[[ TASK INPUTS, beginning ]]

Fixpoint noBox (f : formula) : Prop :=
  match f with
  | Var _ | Bot => True
  | And a b | Or a b | Imp a b | Cond a b => noBox a /\ noBox b
  | Box _ => False
  end.

Definition modal_calculus (G : calculus) : bool :=
  match G with GE | GM | GMC | GEN | GMN | GK => true | _ => false end.

Definition inlang (G : calculus) (f : formula) : Prop :=
  if modal_calculus G then noCond f else noBox f.

Definition sinlang (G : calculus) (S : sequent) : Prop :=
  Forall (inlang G) (fst S) /\ Forall (inlang G) (snd S).

Definition ulip_base (G : calculus) (S : sequent) (p : nat) (s : sign)
  (th : formula) : Prop :=
  inlang G th /\ ~ In p (vars s th) /\
  (forall t, incl (vars t th) (svars t S)) /\
  derivable G (seq_cat S ([th], [])).

Definition ulip_interp_wrt (G : calculus) (R : rule_name -> Prop) (S : sequent)
  (p : nat) (s : sign) (th : formula) : Prop :=
  ulip_base G S p s th /\
  forall Gm Dl, sinlang G (Gm, Dl) -> ~ In p (svars (opp s) (Gm, Dl)) ->
    last_in G R (seq_cat S (Gm, Dl)) -> derivable G (Gm, th :: Dl).

Definition ulip_interp (G : calculus) (S : sequent) (p : nat) (s : sign)
  (th : formula) : Prop :=
  ulip_base G S p s th /\
  forall Gm Dl, sinlang G (Gm, Dl) -> ~ In p (svars (opp s) (Gm, Dl)) ->
    derivable G (seq_cat S (Gm, Dl)) -> derivable G (Gm, th :: Dl).

Definition ULIP (G : calculus) : Prop :=
  forall S p s, sinlang G S -> exists th, ulip_interp G S p s th.

Definition Ulower (G : calculus) (S : sequent) (p : nat) (s : sign) : Prop :=
  forall T, sinlang G T -> sweight T < sweight S -> exists th, ulip_interp G T p s th.

Definition MULIP (G : calculus) : Prop :=
  forall S p s, sinlang G S ->
    exists th, Ulower G S p s -> ulip_interp_wrt G (modal_rules G) S p s th.

Definition uip_base (G : calculus) (S : sequent) (p : nat) (th : formula) : Prop :=
  inlang G th /\ ~ In p (allvars th) /\
  incl (allvars th) (sallvars S) /\
  derivable G (seq_cat S ([th], [])).

Definition uip_interp_wrt (G : calculus) (R : rule_name -> Prop) (S : sequent)
  (p : nat) (th : formula) : Prop :=
  uip_base G S p th /\
  forall Gm Dl, sinlang G (Gm, Dl) -> ~ In p (sallvars (Gm, Dl)) ->
    last_in G R (seq_cat S (Gm, Dl)) -> derivable G (Gm, th :: Dl).

Definition uip_interp (G : calculus) (S : sequent) (p : nat) (th : formula) : Prop :=
  uip_base G S p th /\
  forall Gm Dl, sinlang G (Gm, Dl) -> ~ In p (sallvars (Gm, Dl)) ->
    derivable G (seq_cat S (Gm, Dl)) -> derivable G (Gm, th :: Dl).

Definition UIP (G : calculus) : Prop :=
  forall S p, sinlang G S -> exists th, uip_interp G S p th.

Definition Ulower_np (G : calculus) (S : sequent) (p : nat) : Prop :=
  forall T, sinlang G T -> sweight T < sweight S -> exists th, uip_interp G T p th.

Definition MUIP (G : calculus) : Prop :=
  forall S p, sinlang G S ->
    exists th, Ulower_np G S p -> uip_interp_wrt G (modal_rules G) S p th.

[[ TASK INPUTS, end ]]

• **WORK ORDER**:
In the entries above, restate word for word the lines between the one holding "if modal_calculus G" and the one holding "Definition Ulower (G", inclusive, and nothing besides.

• **FINAL ANSWER**:
  if modal_calculus G then noCond f else noBox f.

Definition sinlang (G : calculus) (S : sequent) : Prop :=
  Forall (inlang G) (fst S) /\ Forall (inlang G) (snd S).

Definition ulip_base (G : calculus) (S : sequent) (p : nat) (s : sign)
  (th : formula) : Prop :=
  inlang G th /\ ~ In p (vars s th) /\
  (forall t, incl (vars t th) (svars t S)) /\
  derivable G (seq_cat S ([th], [])).

Definition ulip_interp_wrt (G : calculus) (R : rule_name -> Prop) (S : sequent)
  (p : nat) (s : sign) (th : formula) : Prop :=
  ulip_base G S p s th /\
  forall Gm Dl, sinlang G (Gm, Dl) -> ~ In p (svars (opp s) (Gm, Dl)) ->
    last_in G R (seq_cat S (Gm, Dl)) -> derivable G (Gm, th :: Dl).

Definition ulip_interp (G : calculus) (S : sequent) (p : nat) (s : sign)
  (th : formula) : Prop :=
  ulip_base G S p s th /\
  forall Gm Dl, sinlang G (Gm, Dl) -> ~ In p (svars (opp s) (Gm, Dl)) ->
    derivable G (seq_cat S (Gm, Dl)) -> derivable G (Gm, th :: Dl).

Definition ULIP (G : calculus) : Prop :=
  forall S p s, sinlang G S -> exists th, ulip_interp G S p s th.

Definition Ulower (G : calculus) (S : sequent) (p : nat) (s : sign) : Prop :=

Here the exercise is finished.